◆ **To do**
Within the material below, transcribe exactly the lines from the one holding "direction until one" through the one holding "other and [phi x = phiu (S x)].", keeping both ends and skipping the rest.

[Entries supplied Boundary: Start]

(* Let $a<b$ be real, $\phi:\mathbb{R}^n\to\mathbb{R}$ Schur-concave on $[a,b]^n$, $\alpha\in\mathbb{R}$, and $S^\alpha=\{(x,t)\mid\phi(x)\le t\le\alpha,\ x\in[a,b]^n\}$. For $x\in[a,b]^n$ let $S(x)=\sum_{i=1}^n(x_i-a)$. For $s\in[0,n(b-a)]$ let $i^s=\max\{i\in\{0,\dots,n\}\mid i(b-a)<s\}$ (with $i^0=0$) and define $u^s\in\mathbb{R}^n$ by $u^s_i=b$ for $i\le i^s$, $u^s_{i^s+1}=a+s-(b-a)i^s$, and $u^s_i=a$ for $i>i^s+1$. Let $\Theta^\alpha=\{(x,t)\mid\phi(u^{S(x)})\le t\le\alpha,\ x\in[a,b]^n\}$. Then $\mathrm{conv}(S^\alpha)=\mathrm{conv}(\Theta^\alpha)$. Moreover, if $\phi$ is component-wise convex on $[a,b]^n$, then $\Theta^\alpha$ is convex.
   Context: $\phi$ is Schur-concave on $C$ if for all $x,y\in C$, $x\ge_m y$ implies $\phi(x)\le\phi(y)$, where $x\ge_m y$ means $\sum_{i=1}^j x_{[i]}\ge\sum_{i=1}^j y_{[i]}$ for $j<n$ with equality for $j=n$ ($x_{[i]}$ the $i$-th largest entry). $\phi$ is component-wise convex if it is convex in each single coordinate when all other coordinates are fixed. *)

(* reals are an arbitrary realFieldType (purely order-algebraic statement). *)
From HB Require Import structures.
From mathcomp Require Import all_boot all_order all_algebra.
Set Implicit Arguments. Unset Strict Implicit. Unset Printing Implicit Defensive.
Import Order.TTheory GRing.Theory Num.Theory.
Local Open Scope ring_scope.

Section Defs.
Variables (R : realFieldType) (n : nat).

Definition vec := 'I_n -> R.

Definition in_box (a b : R) (x : vec) : Prop := forall i, a <= x i <= b.

(* x_[i] : entries sorted in nonincreasing order (0-indexed) *)
Definition dsorted (x : vec) : seq R := sort (fun u v => v <= u) [seq x i | i <- enum 'I_n].
Definition xdec (x : vec) (i : nat) : R := nth 0 (dsorted x) i.

Definition majorizes (x y : vec) : Prop :=
  (forall j, (j < n)%N -> \sum_(i < j) xdec y i <= \sum_(i < j) xdec x i)
  /\ \sum_(i < n) xdec x i = \sum_(i < n) xdec y i.

Definition schur_concave_on (C : vec -> Prop) (phi : vec -> R) : Prop :=
  forall x y, C x -> C y -> majorizes x y -> phi x <= phi y.

Definition setc (x : vec) (i : 'I_n) (v : R) : vec := fun j => if j == i then v else x j.

Definition componentwise_convex_on (a b : R) (phi : vec -> R) : Prop :=
  forall x i s1 s2 l, in_box a b x -> a <= s1 <= b -> a <= s2 <= b -> 0 <= l <= 1 ->
    phi (setc x i (l * s1 + (1 - l) * s2)) <= l * phi (setc x i s1) + (1 - l) * phi (setc x i s2).

Definition conv (A : vec * R -> Prop) (z : vec * R) : Prop :=
  exists m (l : 'I_m -> R) (p : 'I_m -> vec * R),
    (forall k, 0 <= l k) /\ \sum_(k < m) l k = 1 /\ (forall k, A (p k)) /\
    (forall i, z.1 i = \sum_(k < m) l k * (p k).1 i) /\ z.2 = \sum_(k < m) l k * (p k).2.

Definition convex_set (A : vec * R -> Prop) : Prop :=
  forall p q l, A p -> A q -> 0 <= l <= 1 ->
    A ((fun i => l * p.1 i + (1 - l) * q.1 i), l * p.2 + (1 - l) * q.2).

Definition Ssum (a : R) (x : vec) : R := \sum_(i < n) (x i - a).

(* i^s = max { i in {0..n} | i(b-a) < s }, with max of empty set = 0 *)
Definition istar (a b s : R) : nat := \max_(i < n.+1 | ((i : nat)%:R * (b - a) < s)%R) (i : nat).

(* u^s, 0-indexed: positions j < i^s get b, position i^s gets a+s-(b-a)i^s, rest a *)
Definition ustar (a b s : R) : vec := fun j =>
  if (j < istar a b s)%N then b
  else if (j : nat) == istar a b s then a + s - (b - a) * (istar a b s)%:R
  else a.

Definition Salpha (a b : R) (phi : vec -> R) (alpha : R) (z : vec * R) : Prop :=
  in_box a b z.1 /\ phi z.1 <= z.2 <= alpha.

Definition Theta (a b : R) (phi : vec -> R) (alpha : R) (z : vec * R) : Prop :=
  in_box a b z.1 /\ phi (ustar a b (Ssum a z.1)) <= z.2 <= alpha.

End Defs.

From HB Require Import structures.
From mathcomp Require Import all_boot all_order all_algebra.
From mathcomp Require Import ring lra zify.
From Stdlib Require Import FunctionalExtensionality.
Set Implicit Arguments. Unset Strict Implicit. Unset Printing Implicit Defensive.
Import Order.TTheory GRing.Theory Num.Theory.
Local Open Scope ring_scope.

(* Write [phiu s := phi (u^s)].  The vector [u^(S x)] has the same coordinate sum as [x]
   and at most one coordinate strictly inside [(a, b)], so it majorizes [x] and Schur
   concavity gives [phiu (S x) <= phi x]; hence [S^alpha] lies in [Theta^alpha].
   Conversely, if [x] has two interior coordinates, moving mass between them in either
   direction until one of them reaches the boundary gives two points of [Theta^alpha]
   with the same [S] and fewer interior coordinates, of which [(x, t)] is a convex
   combination; when at most one coordinate is interior, [x] and [u^(S x)] majorize each
   other and [phi x = phiu (S x)].

   [Theta^alpha] is the part below [alpha] of the epigraph of the composition of [phiu]
   with the affine map [S], so it is convex as soon as [phiu] is convex on [[0, n (b - a)]].
   On each [[k (b - a), (k + 1) (b - a)]] only coordinate [k] of [u^s] moves, and
   componentwise convexity applies.  At a breakpoint [q], perturbing [u^q] in the two
   adjacent coordinates [k] and [k + 1] relates [phiu q] to [phiu] on both sides up to an
   error that vanishes with the perturbation. *)

Section ExtremalMajorization.
Variables (R : realFieldType) (n : nat) (a b : R).
Implicit Types x y : vec R n.

Definition interior (v : R) : bool := a < v < b.
Definition interior_count x : nat := #|[pred i | interior (x i)]|.

Let ge_rel : rel R := fun u v => v <= u.

Lemma size_dsorted x : size (dsorted x) = n.
Proof. by rewrite size_sort size_map size_enum_ord. Qed.

Lemma perm_dsorted x : perm_eq (dsorted x) [seq x i | i <- enum 'I_n].
Proof. by rewrite /dsorted perm_sort. Qed.

Lemma xdec_nonincr x i j : (i <= j < n)%N -> xdec x j <= xdec x i.
Proof.
move=> /andP[le_ij lt_jn].
have ge_trans : transitive ge_rel by move=> u v w /= h1 h2; apply: le_trans h2 h1.
have ge_total : total ge_rel by move=> u v; rewrite /ge_rel /= orbC le_total.
have sorted_x : sorted ge_rel (dsorted x) by apply: sort_sorted.
apply: (sorted_leq_nth ge_trans (fun u => lexx u) 0 sorted_x) =>/=.
all: rewrite ?inE ?size_sort ?size_map -?enumT ?size_enum_ord; lia.
Qed.

Lemma xdec_in_box x i : in_box a b x -> (i < n)%N -> a <= xdec x i <= b.
Proof.
move=> hx lt_in; have : xdec x i \in dsorted x by rewrite mem_nth ?size_dsorted.
by rewrite (perm_mem (perm_dsorted x)) => /mapP[j _ ->].
Qed.

Lemma sum_xdec x : \sum_(i < n) xdec x i = \sum_(i < n) x i.
Proof.
rewrite -(big_mkord xpredT (xdec x)) /xdec.
have := big_nth 0 (r := dsorted x) xpredT id; rewrite size_dsorted /= => <-.
by rewrite (perm_big _ (perm_dsorted x)) big_map big_enum.
Qed.
Lemma closed_of_approx {d} (A : pset d) r : is_closed A ->
  (forall e, 0 < e -> exists q, A q /\ forall j, Rabs (r j - q j) <= e) -> A r.
Proof.
  intros HA Happ. apply NNPP; intro Hr. destruct (HA r Hr) as [eps [Heps Hball]].
  pose proof (pos_INR d).
  destruct (Happ (eps / (INR d + 1))) as [q [Hq Hqj]];
    [apply Rdiv_lt_0_compat; lra|].
  exact (Hball q (dist_lt_of_coords r q eps Heps Hqj) Hq).
Qed.

Lemma bounded_coords {d} (P : pset d) (x p : pt d) : is_bounded P -> P p ->
  exists C, 0 <= C /\ forall q j, P q -> Rabs (q j - x j) <= C.
Proof.
  intros [M HM] Hp. exists (M + dist p x). pose proof (HM p p Hp Hp).
  assert (0 <= dist p p) by apply sqrt_pos. assert (0 <= dist p x) by apply sqrt_pos.
  split; [lra|]. intros q j Hq.
  replace (q j - x j) with ((q j - p j) + (p j - x j)) by ring.
  eapply Rle_trans; [apply Rabs_triang|].
  pose proof (abs_le_dist q p j). pose proof (abs_le_dist p x j).
  pose proof (HM q p Hq Hp). lra.
Qed.

Lemma closed_union {d} (A B : pset d) :
  is_closed A -> is_closed B -> is_closed (setU A B).
Proof.
  intros HA HB z Hz. destruct (HA z) as [e1 [He1 Hb1]]; [intro; apply Hz; left; auto|].
  destruct (HB z) as [e2 [He2 Hb2]]; [intro; apply Hz; right; auto|].
  exists (Rmin e1 e2). split; [apply Rmin_pos; auto|].
  intros w Hw [Hw'|Hw'].
  - apply (Hb1 w); auto. pose proof (Rmin_l e1 e2); lra.
  - apply (Hb2 w); auto. pose proof (Rmin_r e1 e2); lra.
Qed.
Lemma cycleg_private r : 4 <= r -> edge_private_neighbour (cycleg r).
Proof.
move=> r4 h h'; have := ltn_ord h; have := ltn_ord h'; rewrite cyclegE => lt_h' lt_h ehh'.
have lt_succ k : k < r -> (if k.+1 == r then 0 else k.+1) < r by case: ifP; lia.
have [succ_h|] := boolP ((h.+1 == h' :> nat) || ((h.+1 == r) && (h' == 0 :> nat))).
  exists (Ordinal (lt_succ _ lt_h')); rewrite -!(inj_eq val_inj) !cyclegE /=.
  by case: ifP; lia.
exists (Ordinal (lt_succ _ lt_h)); rewrite -!(inj_eq val_inj) !cyclegE /=.
by case: ifP; lia.
Qed.

Theorem mainTheorem16 (r : nat) : 7 <= r ->
  sdim (modprod (pathg 5) (pathg r)) = 3 * r - 2 /\
  sdim (modprod (pathg 5) (cycleg r)) = 3 * r - 2.
Proof.
move=> r7; have r0 : 0 < r by lia.
have r1 : 1 < r by lia.
have r4 : 4 <= r by lia.
have r6 : 6 < #|'I_r| by rewrite card_ord.
have p01 : pathg r (Ordinal r0) (Ordinal r1) by [].
have c01 : cycleg r (Ordinal r0) (Ordinal r1) by rewrite cyclegE /=; lia.
split.
  by rewrite (sdim_modprod_P5 (@pathg_irr r) (@pathg_sym r) (pathg_private (ltnW r4))
    (common_non_neighbour_deg2 (@pathg_sym r) (@pathg_deg2 r) r6)
    (@pathg_triangle_free r) p01) card_ord.
by rewrite (sdim_modprod_P5 (@cycleg_irr r) (@cycleg_sym r) (cycleg_private r4)
  (common_non_neighbour_deg2 (@cycleg_sym r) (@cycleg_deg2 r) r6)
  (cycleg_triangle_free r4) c01) card_ord.
Qed.
(* Let $n\ge 2$, $p\in[0,1]$ and let $\Phi$ be the $\mathfrak{su}_n$ channel. Then $$S_{\min}:=\min_{\rho}S(\Phi(\rho))=-\frac{np}{n+1}\ln\Big(\frac{np}{n^2-1}\Big)-\Big(1-\frac{np}{n+1}\Big)\ln\Big(1-\frac{np}{n+1}\Big),$$ where the minimum is over all $n\times n$ density matrices and $S(\sigma)=-\operatorname{Tr}(\sigma\ln\sigma)$ is the von Neumann entropy (with $0\ln 0=0$). Moreover, for fixed $p\in[0,1]$, $\lim_{n\to\infty}S_{\min}/\ln n=p$.
   Context: The $\mathfrak{su}_n$ channel is $\Phi(\rho)=(1-p)\rho+\frac{pn}{2(n^2-1)}\sum_{i=1}^{n^2-1}X_i\rho X_i$, where $X_1,\dots,X_{n^2-1}$ are traceless Hermitian $n\times n$ matrices forming a basis of $i\,\mathfrak{su}_n$ with $\operatorname{Tr}(X_iX_j)=2\delta_{ij}$ (generalized Gell-Mann matrices). A density matrix is a positive semidefinite matrix of trace 1. *)

From HB Require Import structures.
From mathcomp Require Import all_boot all_order all_algebra.
From mathcomp Require Import all_classical all_reals all_analysis.
From mathcomp.real_closed Require Import complex.

Set Implicit Arguments.
Unset Strict Implicit.
Unset Printing Implicit Defensive.

Import Order.TTheory GRing.Theory Num.Theory.
Local Open Scope ring_scope.

Section QDefs.
Variable R : realType.
Local Notation C := (R[i]).

Definition adjmx (n : nat) (A : 'M[C]_n) : 'M[C]_n := (map_mx (@conjc R) A)^T.

Definition hermitian (n : nat) (A : 'M[C]_n) : Prop := adjmx A = A.

Definition psd (n : nat) (A : 'M[C]_n) : Prop :=
  hermitian A /\ forall v : 'cV[C]_n, 0 <= ((map_mx (@conjc R) v)^T *m A *m v) 0 0.

Definition density (n : nat) (A : 'M[C]_n) : Prop := psd A /\ \tr A = 1.

(* X_1, ..., X_{n^2-1}: traceless Hermitian with Tr(X_i X_j) = 2 delta_ij
   (hence a basis of i su_n, e.g. the generalized Gell-Mann matrices) *)
Definition gell_mann_basis (n : nat) (X : 'I_(n ^ 2 - 1) -> 'M[C]_n) : Prop :=
  (forall i, hermitian (X i)) /\ (forall i, \tr (X i) = 0) /\
  (forall i j, \tr (X i *m X j) = (2 * (i == j)%:R)).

[Entries supplied Boundary: End]

◆ **Output of the exercise**
   direction until one of them reaches the boundary gives two points of [Theta^alpha]
   with the same [S] and fewer interior coordinates, of which [(x, t)] is a convex
   combination; when at most one coordinate is interior, [x] and [u^(S x)] majorize each
   other and [phi x = phiu (S x)].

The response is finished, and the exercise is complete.